An imperative question guiding my work at the Latino Policy Forum is not if all Illinois teachers and educational leadership should be prepared to meet the spectrum of linguistic and cultural diversity in their classrooms, but how to implement plans that improve their linguistic and cultural responsiveness.  This question is motivated by two significant changes in education: newly minted intensified academic standards and a greatly changing student demographic. 

To address this issue of teacher preparedness, part of my ongoing work at the Forum involves convening a pre- and in-service teacher preparation work group to review, reflect on, and make suggestions to developing a statewide approach to fortify teacher preparation for linguistic and culturally diverse students. 

Dr. Elizabeth Skinner is a critical member of the work group.  She is an assistant professor of bilingual education in the Department of Curriculum and Instruction at Illinois State University.  We are privileged to post her guest blog about current changes at her university aimed at making general education candidates more linguistically and culturally responsive. -Rebecca Vonderlack-Navarro


Guest blog by Dr.
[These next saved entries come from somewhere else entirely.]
Lemma integrand_bounds t r : 0 < t -> 0 <= integrand t r <= M * exp (decay * r).
Proof.
  intros Ht. destruct (h_bounds _ (Rpower_scaled_pos a t r Ht)).
  unfold integrand, decay. change (Rpower a (r * (1 + zeta))) with (exp (r * (1 + zeta) * ln a)).
  replace ((1 + zeta) * ln a * r) with (r * (1 + zeta) * ln a) by ring.
  pose proof (exp_pos (r * (1 + zeta) * ln a)). split; nra.
Qed.

Lemma RInt_integrand_tail t x y :
  0 < t -> y <= x -> RInt (integrand t) y x <= M * exp (decay * y) / - decay.
Proof.
  intros Ht Hyx.
  assert (Hexp : ex_RInt (fun r => exp (decay * r)) y x).
  { apply (@ex_RInt_continuous R_CompleteNormedModule). intros r _.
    apply continuous_of_ex_derive. auto_derive. auto. }
  apply Rle_trans with (RInt (fun r => M * exp (decay * r)) y x).
  - apply RInt_le; [exact Hyx| | |intros r _; apply integrand_bounds, Ht].
    + apply (@ex_RInt_continuous R_CompleteNormedModule). intros r _.
      apply integrand_continuous, Ht.
    + apply (ex_RInt_scal _ _ _ M Hexp).
  - replace (RInt (fun r => M * exp (decay * r)) y x)
      with (M * RInt (fun r => exp (decay * r)) y x) by (symmetry; exact (RInt_scal _ _ _ M Hexp)).
    assert (0 <= M) by (destruct (h_bounds 1 Rlt_0_1); lra).
    unfold Rdiv. rewrite Rmult_assoc.
    apply Rmult_le_compat_l; [lra|]. apply RInt_exp_le; [apply decay_neg|exact Hyx].
Qed.

Lemma RInt_integrand_head t :
  0 < t ->
  - ln a * Rpower t (zeta + 1) * RInt (integrand t) 0 (ln t / - ln a)
  = RInt (fun s => Rpower s zeta * h s) 1 t.
Proof.
  intros Ht. pose proof ln_a_neg as Hln.
  set (R0 := ln t / - ln a).
  assert (E0 : Rpower a 0 * t = t) by (rewrite Rpower_O; lra).
  assert (ER0 : Rpower a R0 * t = 1).
  { unfold R0, Rpower. replace (ln t / - ln a * ln a) with (- ln t) by (field; lra).
    rewrite exp_Ropp, exp_ln by exact Ht. field. lra. }
  assert (Hex : ex_RInt (integrand t) 0 R0).
  { apply (@ex_RInt_continuous R_CompleteNormedModule). intros r _.
    apply integrand_continuous, Ht. }
  pose proof (RInt_comp_geom _ a t R0 0 ltac:(lra) Ht weighted_continuous) as Hcomp.
  rewrite ER0, E0 in Hcomp. etransitivity; [|exact Hcomp].
  set (T := Rpower t (zeta + 1)).
  assert (Hpt : forall r, ln a * (Rpower a r * t) * (Rpower (Rpower a r * t) zeta * h (Rpower a r * t))
                          = ln a * T * integrand t r).
  { intros r. unfold integrand, T.
    transitivity (ln a * (Rpower a r * t * Rpower (Rpower a r * t) zeta) * h (Rpower a r * t));
      [ring|rewrite Rpower_scaled by lra; ring]. }
  rewrite (RInt_ext (fun r => ln a * (Rpower a r * t) * (Rpower (Rpower a r * t) zeta * h (Rpower a r * t)))
                    (fun r => ln a * T * integrand t r)) by (intros r _; apply Hpt).
  assert (Hscal : RInt (fun r => ln a * T * integrand t r) R0 0 = ln a * T * RInt (integrand t) R0 0)
    by exact (RInt_scal _ _ _ _ (ex_RInt_swap _ _ _ Hex)).
  rewrite Hscal, <- (opp_RInt_swap _ _ _ Hex).
  unfold opp; simpl. ring.
Qed.

Lemma htilde_gap t :
  1 < t ->
  RInt (fun s => Rpower s zeta * h s) 1 t <= Rpower t (zeta + 1) * htilde a zeta h t
  <= RInt (fun s => Rpower s zeta * h s) 1 t + M / (1 + zeta).
Proof.
  intros Ht. assert (Ht0 : 0 < t) by lra.
  pose proof ln_a_neg as Hln. pose proof decay_neg as Hdecay.
  assert (Hlnt : 0 < ln t) by (rewrite <- ln_1; apply ln_increasing; lra).
  set (R0 := ln t / - ln a).
  assert (HR0 : 0 <= R0) by (apply Rlt_le, Rdiv_lt_0_compat; lra).
  destruct (RInt_gen_pinfty_bounds (integrand t) 0
              (fun r _ => integrand_continuous t r Ht0) (fun r _ => proj1 (integrand_bounds t r Ht0))
              (fun y => M * exp (decay * y) / - decay)
              (fun x y Hyx => RInt_integrand_tail t x y Ht0 (proj2 Hyx)) R0 HR0) as [Hlow Hup].
  rewrite <- (RInt_integrand_head t Ht0). fold R0.
  set (L := RInt_gen (integrand t) (at_point 0) (Rbar_locally p_infty)) in *.
  change (htilde a zeta h t) with (- ln a * L).
  set (T := Rpower t (zeta + 1)).
  assert (HT : 0 < T) by apply exp_pos.
  assert (Htail : - ln a * T * (M * exp (decay * R0) / - decay) = M / (1 + zeta)).
  { replace (decay * R0) with (- ((zeta + 1) * ln t)) by (unfold decay, R0; field; lra).
    rewrite exp_Ropp. unfold T, Rpower, decay. pose proof (exp_pos ((zeta + 1) * ln t)).
    field. repeat split; lra. }
  replace (T * (- ln a * L)) with (- ln a * T * L) by ring.
  rewrite <- Htail, <- Rmult_plus_distr_l.
  assert (0 < - ln a * T) by nra.
  split; apply Rmult_le_compat_l; lra.
Qed.

Lemma RInt_weighted_ge t :
  1 <= t -> m * ((Rpower t (zeta + 1) - 1) / (zeta + 1)) <= RInt (fun s => Rpower s zeta * h s) 1 t.
Proof.
  intros Ht.
  assert (Hpow := is_RInt_Rpower zeta t ltac:(lra) ltac:(lra)).
  rewrite <- (is_RInt_unique _ _ _ _ Hpow).
  assert (Hscal : RInt (fun s => m * Rpower s zeta) 1 t = m * RInt (fun s => Rpower s zeta) 1 t)
    by exact (RInt_scal _ _ _ _ (ex_intro _ _ Hpow)).
  rewrite <- Hscal. apply RInt_le; [exact Ht| | |].
  - apply (ex_RInt_scal _ _ _ m (ex_intro _ _ Hpow)).
  - apply (@ex_RInt_continuous R_CompleteNormedModule). intros s Hs.
    apply weighted_continuous. rewrite Rmin_left in Hs; lra.
  - intros s Hs. assert (0 < Rpower s zeta) by apply exp_pos.
    destruct (h_bounds s ltac:(lra)). nra.
Qed.

Lemma is_lim_RInt_weighted : is_lim (fun t => RInt (fun s => Rpower s zeta * h s) 1 t) p_infty p_infty.
Proof.
  apply (is_lim_le_p_loc (fun t => m * ((Rpower t (zeta + 1) - 1) / (zeta + 1)))).
  - exists 1. intros t Ht. apply RInt_weighted_ge. lra.
  - apply (is_lim_ext (fun t => m / (zeta + 1) * (Rpower t (zeta + 1) - 1))).
    { intros t. field. lra. }
    apply is_lim_scal_p_infty; [apply Rdiv_lt_0_compat; lra|].
    eapply is_lim_minus; [apply is_lim_Rpower_p_infty; lra|apply is_lim_const|reflexivity].
Qed.

End ScaleInvariantAverage.

Theorem lemma2p4p3 (a zeta : R) (h : R -> R) :
  0 < a < 1 ->
  (forall t, 0 < t -> ex_derive h t) ->
  (exists m M, 0 < m /\ forall t, 0 < t -> m <= h t <= M) ->
  (forall t, 0 < t -> h t = h (a * t)) ->
  -1 < zeta ->
  is_lim (fun t => RInt (fun s => Rpower s zeta * h s) 1 t
                   / (Rpower t (zeta + 1) * htilde a zeta h t))
         p_infty 1.
Proof.
  intros Ha Hder [m [M [Hm Hbounds]]] _ Hzeta.
  assert (Hcont : forall s, 0 < s -> continuous h s)
    by (intros s Hs; apply continuous_of_ex_derive, Hder, Hs).
  apply (is_lim_div_of_bounded_gap _ _ (M / (1 + zeta))).
  - exact (is_lim_RInt_weighted zeta m M h Hzeta Hcont Hm Hbounds).
  - exists 1. intros t Ht. exact (htilde_gap a zeta m M h Ha Hzeta Hcont Hm Hbounds t Ht).
Qed.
Elizabeth Skinner, Illinois State University

In her June 6, 2014 blog, Rebecca Vonderlack-Navarro asked how to prepare all Illinois teachers and educational leaders to meet the spectrum of linguistic and cultural diversity in their classrooms and improve their linguistic and cultural responsiveness.  That is a good question; one that all teacher preparation programs must address and after reading the description of Loyola’s innovative program redesign, I felt compelled to contribute to the conversation.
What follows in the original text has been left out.